Notes from Nepal

A record of my experience living with a group of Tibetan nuns in Nepal.

Monday, October 09, 2006

Making plans for Muktinath



Evening kora is a habit I've become quickly attached to. This evening I dawdled up to Tsamchen Gompa and stayed there a while, watching the crowd around the stupa get larger as the sun sank. Spotted Lama’s distinctive, straightbacked figure as he strolled around one of the upper levels with his brother, so I went over. I asked Lama when I should go to Muktinath, and he said the 13th, which gives me a couple days to get ready. He suggests I bus to Pokhara and then fly to Jomosom, and then trek to Muktinath.

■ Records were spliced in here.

(* Let $S:\mathbb{R}^m\times\mathbb{R}^n\to\mathbb{R}^q$ be bilinear with lifted operator $\mathscr{S}$, let $\mathcal{K}'\subseteq\mathbb{R}^{m\times n}$ and $\mathcal{M}=\mathcal{K}'-\mathcal{K}'$. Let $X\in\mathcal{N}(\mathscr{S},2)\cap\mathcal{M}\setminus\{0\}$ be a given $m\times n$ real matrix and $\delta\in(0,1)$. Let $\mathbf{M}=xy^T=\sigma uv^T$ be a random rank one matrix, where $x\in\mathbb{R}^m$, $y\in\mathbb{R}^n$ are random vectors satisfying: (A1) $x$ and $y$ each have zero mean and identity covariance; (A2) $x$ and $y$ are mutually independent; (A3) $\|x\|_2$ and $x/\|x\|_2$ are independent, and $\|y\|_2$ and $y/\|y\|_2$ are independent; here $u=x/\|x\|_2$, $v=y/\|y\|_2$. Then $\Pr(\|P_{\mathcal{C}(X)}u\|_2^2\ge1-\delta)\le\frac{2}{m(1-\delta)}$ and $\Pr(\|P_{\mathcal{R}(X)}v\|_2^2\ge1-\delta)\le\frac{2}{n(1-\delta)}$.
   Context: For $j=1,\dots,q$ let $S_j$ be the unique matrix with $(S(x,y))_j=x^TS_jy$; the lifted operator is $(\mathscr{S}(W))_j=\operatorname{tr}(S_j^TW)$. $\mathcal{N}(\mathscr{S},k)=\{X:\operatorname{rank}(X)\le k,\ \mathscr{S}(X)=0\}$; $\mathcal{K}'-\mathcal{K}'=\{X_1-X_2:X_1,X_2\in\mathcal{K}'\}$. $\mathcal{C}(X)$, $\mathcal{R}(X)$ are the column and row spaces of $X$, and $P_{\mathcal{V}}$ is the orthogonal projection matrix onto a subspace $\mathcal{V}$. *)

From HB Require Import structures.
From mathcomp Require Import all_boot all_order all_algebra.
From mathcomp Require Import all_classical all_reals all_analysis.
Set Implicit Arguments. Unset Strict Implicit. Unset Printing Implicit Defensive.
Import Order.TTheory GRing.Theory Num.Theory.
Local Open Scope classical_set_scope.
Local Open Scope ring_scope.

Definition bilinear_map (R : pzRingType) (m n q : nat)
  (S : 'cV[R]_m -> 'cV[R]_n -> 'cV[R]_q) : Prop :=
  (forall y a x1 x2, S (a *: x1 + x2) y = a *: S x1 y + S x2 y) /\
  (forall x a y1 y2, S x (a *: y1 + y2) = a *: S x y1 + S x y2).

(* S_j : the unique matrix with (S(x,y))_j = x^T S_j y (for bilinear S),
   i.e. (S_j)_{ab} = (S(e_a, e_b))_j. *)
Definition Smat (R : pzRingType) (m n q : nat)
  (S : 'cV[R]_m -> 'cV[R]_n -> 'cV[R]_q) (j : 'I_q) : 'M[R]_(m, n) :=
  \matrix_(a, b) S (delta_mx a 0) (delta_mx b 0) j 0.

Definition lifted (R : pzRingType) (m n q : nat)
  (S : 'cV[R]_m -> 'cV[R]_n -> 'cV[R]_q) (W : 'M[R]_(m, n)) : 'cV[R]_q :=
  \col_j \tr ((Smat S j)^T *m W).

Definition Nset (R : fieldType) (m n q : nat)
  (S : 'cV[R]_m -> 'cV[R]_n -> 'cV[R]_q) (k : nat) : set 'M[R]_(m, n) :=
  [set X | (\rank X <= k)%N /\ lifted S X = 0].

Definition diffset (R : pzRingType) (m n : nat) (K : set 'M[R]_(m, n))
  : set 'M[R]_(m, n) :=
  [set Z | exists X1 X2, K X1 /\ K X2 /\ Z = X1 - X2].

(* Column space C(X) and row space R(X), as subspaces (%MS row-space
   representation): C(X) is the row space of X^T, R(X) that of X. *)
Definition is_orth_proj (R : fieldType) (k d : nat)
  (P : 'M[R]_d) (V : 'M[R]_(k, d)) : Prop :=
  P^T = P /\ P *m P = P /\ (P == V)%MS.

Definition sqnorm (R : pzRingType) (d : nat) (v : 'cV[R]_d) : R :=
  \sum_i (v i 0) ^+ 2.

Definition norm2 (R : rcfType) (d : nat) (v : 'cV[R]_d) : R :=
  Num.sqrt (sqnorm v).

(* Random vector from its coordinates; normalized vector (0/0 = 0). *)
Definition rvec (T R : Type) (d : nat) (x : 'I_d -> T -> R) (t : T) : 'cV[R]_d :=
  \col_i x i t.
Definition rdir (T : Type) (R : rcfType) (d : nat) (x : 'I_d -> T -> R) (t : T)
  : 'cV[R]_d := (norm2 (rvec x t))^-1 *: rvec x t.

Definition box (T R : Type) (d : nat) (x : 'I_d -> T -> R) (A : 'I_d -> set R)
  : set T := [set t | forall i, A i (x i t)].

(* Mutual independence of the random vectors x and y (on the generating
   pi-system of measurable rectangles of the product Borel sigma-algebras). *)
Definition indep_vec {dT} {T : measurableType dT} {R : realType}
  (P : probability T R) (m n : nat) (x : 'I_m -> T -> R) (y : 'I_n -> T -> R)
  : Prop :=
  forall (A : 'I_m -> set R) (B : 'I_n -> set R),
    (forall i, measurable (A i)) -> (forall j, measurable (B j)) ->
    P (box x A `&` box y B) = (P (box x A) * P (box y B))%E.

Definition mean0_idcov {dT} {T : measurableType dT} {R : realType}
  (P : probability T R) (m : nat) (x : 'I_m -> {RV P >-> R}) : Prop :=
  (forall i, (x i : T -> R) \in Lfun P 2%:E) /\
  (forall i, ('E_P[x i] = 0)%E) /\
  (forall i j, covariance P (x i) (x j) = ((i == j)%:R)%:E).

I asked him if I'd be teaching the nuns while we’re still up there, and he said no, at least not in a formal sense, because they’ll be very busy doing puja, but, “You sit Muktinath some days, you no like, come back down, wait Bodhnath for nuns. You like, you sit for month, come with nuns all together.” I can't imagine not liking a grove of sacred pillars of flame and enchanted waters, but I appreciate Lama’s graciousness.

After kora, I tagged along with Lama and his brother to a couple of bookstores. We stopped first in Bodhnath Bookstore, and as we left Lama said to me, “I need book, they not have.” Then he said suddenly, “I need book? We need book? Which is right?”

I need,” I said. “We would be both of you, your brother and you for example.”

“Ah…I need book.” He seemed pleased. “I practice English,” he added. Lama has a habit of talking about himself in the third person (as in, “When Lama small, Lama live at Muktinath”) which was initially confusing to me, and I found myself interupting a lot to clarify that he meant himself and not some other Lama. But now I wonder if he’s been calling himself Lama to me all this time because he couldn’t remember the usage of I. He used I quite a lot for the rest of the evening.

I'm realizing that when quoting Lama, the expressiveness of his eyes, hands and voice is lost in the writing. His words alone don’t convey the quintessence of his personality, since his English vocabulary is limited. I look forward to learning Nepali and being able to understand him better (and hopefully to do better justice to him in my scribbles).

Went to Dharma Books next, and Lama found the book he was looking for. A beautiful Tibetan book, long and skinny with a dark red cover. Both Boudha Bookstore and Dharma Books are largely Tibetan-language bookstores, with just a few books in English, mostly by the Dalai Lama.

Saw a guy nearly get his ass kicked on the stupa. I think he was trying to climb the upper level or something. I didn’t see exactly what started it, but another guy dragged him down and started whacking him. He cowered and ran off—counterclockwise, which made his attacker even more furious, since you're meant to walk clockwise around the stupa. It was the first violence I've seen since I've been here. People don’t seem to get angry in public. The traffic, for example, is the most courteous and unemotional I've ever seen. It’s crazy and dangerous of course, but nobody’s driving angry. They honk to avoid killing you, not because they begrudge you the street.

Tomorrow I'm going to seek out Thamel, which is the touristy area of Kathmandu, so that I can buy a few things I haven’t been able to find in Boudha.